Available data →
(* Let $\eta\in(0,1)$ and $N_S>0$, and for $\xi\in[0,1]$ let $$I(\xi;N_S)=4N_S\left\{\frac{1-\xi}{1-2\eta^2\left(\sqrt{\xi N_S(1+\xi N_S)}-\xi N_S\right)}+\frac{\xi\left[(1-\eta^2)^2+\eta^4\right]}{(1-\eta^2)\left(1+2\xi N_S\eta^2(1-\eta^2)\right)}\right\}.$$ Then $\xi=0$ is not a maximizer of $\xi\mapsto I(\xi;N_S)$ over $[0,1]$.
   Context: $I(\xi;N_S)$ is the quantum Fisher information for estimating the transmission $\eta$ of a pure-loss (zero-temperature) bosonic channel using a single-mode pure displaced squeezed state with mean photon number $N_S$, a fraction $\xi$ of which is in squeezing and $1-\xi$ in displacement (displacement along the optimal angle); $\xi=0$ corresponds to a coherent state. *)

From Stdlib Require Import Reals.
Open Scope R_scope.

(* Quantum Fisher information I(xi; N_S) for estimating the transmission eta
   of a pure-loss channel with a displaced squeezed probe (fraction xi in squeezing). *)
Definition QFI (eta NS xi : R) : R :=
  4 * NS *
  ( (1 - xi) / (1 - 2 * eta ^ 2 * (sqrt (xi * NS * (1 + xi * NS)) - xi * NS))
  + xi * ((1 - eta ^ 2) ^ 2 + eta ^ 4)
      / ((1 - eta ^ 2) * (1 + 2 * xi * NS * eta ^ 2 * (1 - eta ^ 2))) ).

Definition is_maximizer_on (f : R -> R) (a b x : R) : Prop :=
  a <= x <= b /\ forall y, a <= y <= b -> f y <= f x.

(* The displacement term of I is (1 - xi) / (1 - 2 eta^2 (sqrt(x (1 + x)) - x)) with x = xi N_S.
   As xi -> 0+ its numerator loses only xi, while its denominator loses a multiple of sqrt xi:
   the square root has infinite slope at 0.  Hence for small xi > 0 the displacement term
   exceeds its value 1 at xi = 0, and since the squeezing term is nonnegative,
   I(xi; N_S) > I(0; N_S) = 4 N_S. *)

From Stdlib Require Import Reals Lra Psatz.
Open Scope R_scope.

Definition displacement_term (eta NS xi : R) : R :=
  (1 - xi) / (1 - 2 * eta ^ 2 * (sqrt (xi * NS * (1 + xi * NS)) - xi * NS)).

Definition squeezing_term (eta NS xi : R) : R :=
  xi * ((1 - eta ^ 2) ^ 2 + eta ^ 4)
    / ((1 - eta ^ 2) * (1 + 2 * xi * NS * eta ^ 2 * (1 - eta ^ 2))).

Lemma QFIE (eta NS xi : R) :
  QFI eta NS xi = 4 * NS * (displacement_term eta NS xi + squeezing_term eta NS xi).
Proof. reflexivity. Qed.

Lemma QFI_at_0 (eta NS : R) : QFI eta NS 0 = 4 * NS.
Proof.
  rewrite QFIE; unfold displacement_term, squeezing_term.
  rewrite !Rmult_0_l, sqrt_0, !Rminus_0_r, Rmult_0_r, Rminus_0_r, Rdiv_0_l, Rdiv_1_r.
  ring.
Qed.

Lemma squeezing_term_ge0 (eta NS xi : R) :
  0 < eta < 1 -> 0 <= NS -> 0 <= xi -> 0 <= squeezing_term eta NS xi.
Proof.
  intros [eta_gt0 eta_lt1] NS_ge0 xi_ge0; unfold squeezing_term.
  assert (eta2_lt1 : 0 < eta ^ 2 < 1) by (split; nra).
  assert (0 <= xi * NS * eta ^ 2) by (apply Rmult_le_pos; nra).
  apply Rle_mult_inv_pos.
  - apply Rmult_le_pos; [exact xi_ge0 |].
    apply Rplus_le_le_0_compat; [apply pow2_ge_0 | apply pow_le; lra].
  - apply Rmult_lt_0_compat; nra.
Qed.

Lemma sqrt_le_sqrt_mul_1_add (x : R) : 0 <= x -> sqrt x <= sqrt (x * (1 + x)).
Proof. intros x_ge0; apply sqrt_le_1_alt; nra. Qed.

Lemma sqrt_mul_1_add_lt (x : R) : 0 <= x -> sqrt (x * (1 + x)) < x + 1 / 2.
Proof.
  intros x_ge0.
  assert (sq : sqrt (x * (1 + x)) ^ 2 = x * (1 + x)) by (apply pow2_sqrt; nra).
  pose proof (sqrt_pos (x * (1 + x))); nra.
Qed.

(* With xi = t^2 / N_S the condition on t says 2 eta^2 N_S (t - t^2) > t^2 = xi N_S,
   i.e. the denominator drops by more than the numerator. *)
Lemma one_lt_displacement_term (eta NS t : R) :
  0 < eta < 1 -> 0 < NS -> 0 < t -> (1 + 2 * eta ^ 2 * NS) * t < 2 * eta ^ 2 * NS ->
  1 < displacement_term eta NS (t ^ 2 / NS).
Proof.
  intros [eta_gt0 eta_lt1] NS_gt0 t_gt0 t_small; unfold displacement_term.
  replace (t ^ 2 / NS * NS) with (t ^ 2) by (field; lra).
  set (s := sqrt (t ^ 2 * (1 + t ^ 2))).
  assert (s_ge_t : t <= s).
  { rewrite <- (sqrt_pow2 t) at 1 by lra; apply sqrt_le_sqrt_mul_1_add; nra. }
  assert (s_lt : s < t ^ 2 + 1 / 2) by (apply sqrt_mul_1_add_lt; nra).
  assert (eta2_lt1 : 0 < eta ^ 2 < 1) by (split; nra).
  set (denom := 1 - 2 * eta ^ 2 * (s - t ^ 2)).
  assert (denom_gt0 : 0 < denom) by (unfold denom; nra).
  assert (slope : t ^ 2 < 2 * eta ^ 2 * NS * (t - t ^ 2)) by nra.
  assert (0 <= eta ^ 2 * NS * (s - t)) by (apply Rmult_le_pos; nra).
  assert (denom_lt_numer : denom < 1 - t ^ 2 / NS).
  { apply (Rmult_lt_reg_r NS); [lra |].
    replace ((1 - t ^ 2 / NS) * NS) with (NS - t ^ 2) by (field; lra).
    unfold denom; nra. }
  apply (Rmult_lt_reg_r denom); [exact denom_gt0 |].
  replace ((1 - t ^ 2 / NS) / denom * denom) with (1 - t ^ 2 / NS) by (field; lra).
  lra.
Qed.

Theorem proposition2 (eta NS : R) :
  0 < eta < 1 -> 0 < NS ->
  ~ is_maximizer_on (QFI eta NS) 0 1 0.
Proof.
  intros eta_bounds NS_gt0 [_ is_max].
  assert (eta2_lt1 : 0 < eta ^ 2 < 1) by (split; nra).
  set (a := eta ^ 2 * NS).
  assert (a_bounds : 0 < a < NS) by (unfold a; split; nra).
  set (t := a / (1 + 2 * a)).
  assert (t_def : t * (1 + 2 * a) = a) by (unfold t; field; lra).
  assert (t_gt0 : 0 < t) by (unfold t; apply Rdiv_lt_0_compat; lra).
  assert (t_lt : t < 1 / 2) by nra.
  set (xi := t ^ 2 / NS).
  assert (xi_bounds : 0 <= xi <= 1).
  { unfold xi; split.
    - apply Rle_mult_inv_pos; nra.
    - apply (Rmult_le_reg_r NS); [lra |].
      replace (t ^ 2 / NS * NS) with (t ^ 2) by (field; lra); nra. }
  specialize (is_max xi xi_bounds).
  rewrite QFI_at_0, QFIE in is_max.
  assert (disp_gt1 : 1 < displacement_term eta NS xi).
  { apply one_lt_displacement_term; unfold a in *; [exact eta_bounds | lra | lra | nra]. }
  pose proof (squeezing_term_ge0 eta NS xi eta_bounds (Rlt_le _ _ NS_gt0) (proj1 xi_bounds)).
  nra.
Qed.
Lemma blank_fromS w c :
  blank_from (time c) w = blank_from (time c).+1 w && (w.2 c.1 c.2 == m0).
Proof.
apply/forallP/andP => [blank|[/forallP blank /eqP w_c] c'].
  split; last by have /implyP := blank c; apply.
  by apply/forallP => c'; apply/implyP => lt_c'; apply: (implyP (blank c')); apply: ltnW.
apply/implyP; rewrite leq_eqVlt => /orP[/eqP/time_inj<-|lt_c']; first by rewrite w_c.
exact: (implyP (blank c')).
Qed.

Lemma prod_step_weight_set_cell w c v :
  \prod_(c' : cell | (time c' < (time c).+1)%N) step_weight c' (set_cell w c v) =
  (\prod_(c' : cell | (time c' < time c)%N) step_weight c' w) *
  T c.1 c.2 (state w (time c)) (w.1 c.2) v.
Proof.
rewrite (bigD1 c) //= mulrC; congr (_ * _); last first.
  by rewrite /step_weight state_set_cell_le // state_set_cell eqxx.
rewrite (eq_bigl (fun c' => time c' < time c)%N) => [|c'].
  by apply: eq_bigr => c' lt_c'; rewrite /step_weight !state_set_cell_le // ltnW.
rewrite ltnS leq_eqVlt; case: (eqVneq c' c) => [->|ne]; first by rewrite ltnn eqxx.
by rewrite (inj_eq (@time_inj n k)) (negbTE ne) andbT.
Qed.

Lemma prob_ev_prefix_weightS (E : pred Om) (t0 t : nat) :
  prefix_determined t0 E -> (t0 <= t)%N -> (t < k * n)%N ->
  prob_ev (prefix_weight t.+1) E = prob_ev (prefix_weight t) E.
Proof.
move=> E_det t0_le t_lt; have [c t_c] := time_surj t_lt; subst t.
rewrite !prob_evE (sum_set_cell _ c m0); apply: eq_bigr => w _.
pose P := \prod_(c' : cell | (time c' < time c)%N) step_weight c' w.
rewrite (eq_bigr (fun v => (E w)%:R * (blank_from (time c).+1 w)%:R * stream_weight w * P *
                           T c.1 c.2 (state w (time c)) (w.1 c.2) v)); last first.
  move=> v _ /=; rewrite /prefix_weight E_det // blank_from_set_cell.
  by rewrite prod_step_weight_set_cell /= -/P !mulrA.
have [_ T_sum1] := T_distr c.1 c.2 (state w (time c)) (w.1 c.2).
by rewrite -mulr_sumr T_sum1 /prefix_weight blank_fromS -mulnb natrM -/P; ring.
Qed.

Lemma prob_ev_joint_prefix (E : pred Om) (t0 : nat) : (t0 <= k * n)%N ->
  prefix_determined t0 E -> prob_ev (joint mu m0 T) E = prob_ev (prefix_weight t0) E.
Proof.
move=> t0_le E_det.
have -> : prob_ev (joint mu m0 T) E = prob_ev (prefix_weight (k * n)) E.
  by apply: eq_bigr => w _; rewrite prefix_weight_full.
have shift d : (t0 + d <= k * n)%N ->
    prob_ev (prefix_weight (t0 + d)) E = prob_ev (prefix_weight t0) E.
  elim: d => [|d IH] le_kn; first by rewrite addn0.
  have lt_kn : (t0 + d < k * n)%N by rewrite -addnS.
  by rewrite addnS (prob_ev_prefix_weightS E_det (leq_addr d t0) lt_kn) IH // ltnW.
by rewrite -(subnKC t0_le) shift ?subnKC.
Qed.

Lemma pr_eq_joint_prefix (t0 : nat) (T' : eqType) (f : Om -> T') :
  (t0 <= k * n)%N -> prefix_determined t0 f ->
  pr_eq (joint mu m0 T) f =1 pr_eq (prefix_weight t0) f.
Proof.
move=> t0_le f_det w; apply: prob_ev_joint_prefix => // w' c v le_c.
by rewrite f_det.
Qed.

Lemma joint_sum1 : \sum_w joint mu m0 T w = 1.
Proof.
have := @prob_ev_joint_prefix xpredT 0 (leq0n _) (fun _ _ _ _ => erefl).
rewrite /prob_ev => ->.
pose blank : {ffun 'I_k -> {ffun 'I_n -> St}} := [ffun _ => [ffun _ => m0]].
rewrite (eq_bigr (fun w : Om => (w.2 == blank)%:R * stream_weight w)); last first.
  move=> w _; rewrite /prefix_weight big_pred0 ?mulr1 //.
  congr ((nat_of_bool _)%:R * _); apply/idP/eqP => [/forallP blank_w|w_blank].
    apply/ffunP => a; apply/ffunP => b; rewrite !ffunE.
    by apply/eqP; exact: (implyP (blank_w (a, b)) (leq0n _)).
  by apply/forallP => c; rewrite w_blank !ffunE eqxx implybT.
rewrite -(pair_big xpredT xpredT (fun x m => (m == blank)%:R * stream_weight (x, m))) /=.
rewrite (eq_bigr (fun x => stream_weight (x, blank))); last first.
  move=> x _; rewrite (bigD1 blank) //= eqxx mul1r big1 ?addr0 // => m m_blank.
  by rewrite (negbTE m_blank) mul0r.
rewrite /stream_weight /= -(bigA_distr_bigA (fun j x => mu j x)) /=.
by apply: big1 => j _; case: (mu_distr j).
Qed.
Lemma sum_delta_scale (V : lmodType R) m i (f : nat -> V) :
  \sum_(k < m) (k == i :> nat)%:R *: f k = if (i < m)%N then f i else 0.
Proof.
case: ltnP => [lt_im|le_mi].
  rewrite (bigD1 (Ordinal lt_im)) //= eqxx scale1r big1 ?addr0 // => k ne_ki.
  by rewrite -val_eqE /= in ne_ki; rewrite (negbTE ne_ki) scale0r.
by apply: big1 => k _; rewrite ltn_eqF ?scale0r // (leq_trans (ltn_ord k) le_mi).
Qed.

Lemma sum_delta_mul m i (f : nat -> R) :
  \sum_(k < m) f k * (k == i :> nat)%:R = if (i < m)%N then f i else 0.
Proof. under eq_bigr => k _ do rewrite mulrC; exact: (@sum_delta_scale R^o). Qed.

End Delta.

Section BlockRow.
Variable R : comPzRingType.

(* The block row (B 0 | ... | B (m-1)), indexed like a Kronecker product:
   column mxtens_index (k, b) is column b of B k. *)
Definition blkrow p n m (B : 'I_m -> 'M[R]_(p, n)) : 'M[R]_(p, m * n) :=
  \matrix_(a, J) B (mxtens_unindex J).1 a (mxtens_unindex J).2.

Lemma blkrowE p n m (B : 'I_m -> 'M[R]_(p, n)) a k b :
  blkrow B a (mxtens_index (k, b)) = B k a b.
Proof. by rewrite mxE mxtens_indexK. Qed.

Lemma blkrowD p n m (B1 B2 : 'I_m -> 'M[R]_(p, n)) :
  blkrow B1 + blkrow B2 = blkrow (fun k => B1 k + B2 k).
Proof. by apply/matrixP => a J; rewrite !mxE. Qed.

Lemma blkrowN p n m (B : 'I_m -> 'M[R]_(p, n)) : - blkrow B = blkrow (fun k => - B k).
Proof. by apply/matrixP => a J; rewrite !mxE. Qed.

Lemma eq_blkrow p n m (B1 B2 : 'I_m -> 'M[R]_(p, n)) :
  (forall k, B1 k = B2 k) -> blkrow B1 = blkrow B2.
Proof. by move=> eB; apply/matrixP => a J; rewrite !mxE eB. Qed.

Lemma blkrow_eq0 p n m (B : 'I_m -> 'M[R]_(p, n)) : (forall k, B k = 0) -> blkrow B = 0.
Proof. by move=> B0; apply/matrixP => a J; rewrite !mxE B0 mxE. Qed.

Problem to solve →
Above are the records. Print exactly, and only, the lines from the line with "Lemma QFI_at_0 (eta" to the line with "assert (slope : t", both inclusive.

Solution to this exercise →
Lemma QFI_at_0 (eta NS : R) : QFI eta NS 0 = 4 * NS.
Proof.
  rewrite QFIE; unfold displacement_term, squeezing_term.
  rewrite !Rmult_0_l, sqrt_0, !Rminus_0_r, Rmult_0_r, Rminus_0_r, Rdiv_0_l, Rdiv_1_r.
  ring.
Qed.

Lemma squeezing_term_ge0 (eta NS xi : R) :
  0 < eta < 1 -> 0 <= NS -> 0 <= xi -> 0 <= squeezing_term eta NS xi.
Proof.
  intros [eta_gt0 eta_lt1] NS_ge0 xi_ge0; unfold squeezing_term.
  assert (eta2_lt1 : 0 < eta ^ 2 < 1) by (split; nra).
  assert (0 <= xi * NS * eta ^ 2) by (apply Rmult_le_pos; nra).
  apply Rle_mult_inv_pos.
  - apply Rmult_le_pos; [exact xi_ge0 |].
    apply Rplus_le_le_0_compat; [apply pow2_ge_0 | apply pow_le; lra].
  - apply Rmult_lt_0_compat; nra.
Qed.

Lemma sqrt_le_sqrt_mul_1_add (x : R) : 0 <= x -> sqrt x <= sqrt (x * (1 + x)).
Proof. intros x_ge0; apply sqrt_le_1_alt; nra. Qed.

Lemma sqrt_mul_1_add_lt (x : R) : 0 <= x -> sqrt (x * (1 + x)) < x + 1 / 2.
Proof.
  intros x_ge0.
  assert (sq : sqrt (x * (1 + x)) ^ 2 = x * (1 + x)) by (apply pow2_sqrt; nra).
  pose proof (sqrt_pos (x * (1 + x))); nra.
Qed.

(* With xi = t^2 / N_S the condition on t says 2 eta^2 N_S (t - t^2) > t^2 = xi N_S,
   i.e. the denominator drops by more than the numerator. *)
Lemma one_lt_displacement_term (eta NS t : R) :
  0 < eta < 1 -> 0 < NS -> 0 < t -> (1 + 2 * eta ^ 2 * NS) * t < 2 * eta ^ 2 * NS ->
  1 < displacement_term eta NS (t ^ 2 / NS).
Proof.
  intros [eta_gt0 eta_lt1] NS_gt0 t_gt0 t_small; unfold displacement_term.
  replace (t ^ 2 / NS * NS) with (t ^ 2) by (field; lra).
  set (s := sqrt (t ^ 2 * (1 + t ^ 2))).
  assert (s_ge_t : t <= s).
  { rewrite <- (sqrt_pow2 t) at 1 by lra; apply sqrt_le_sqrt_mul_1_add; nra. }
  assert (s_lt : s < t ^ 2 + 1 / 2) by (apply sqrt_mul_1_add_lt; nra).
  assert (eta2_lt1 : 0 < eta ^ 2 < 1) by (split; nra).
  set (denom := 1 - 2 * eta ^ 2 * (s - t ^ 2)).
  assert (denom_gt0 : 0 < denom) by (unfold denom; nra).
  assert (slope : t ^ 2 < 2 * eta ^ 2 * NS * (t - t ^ 2)) by nra.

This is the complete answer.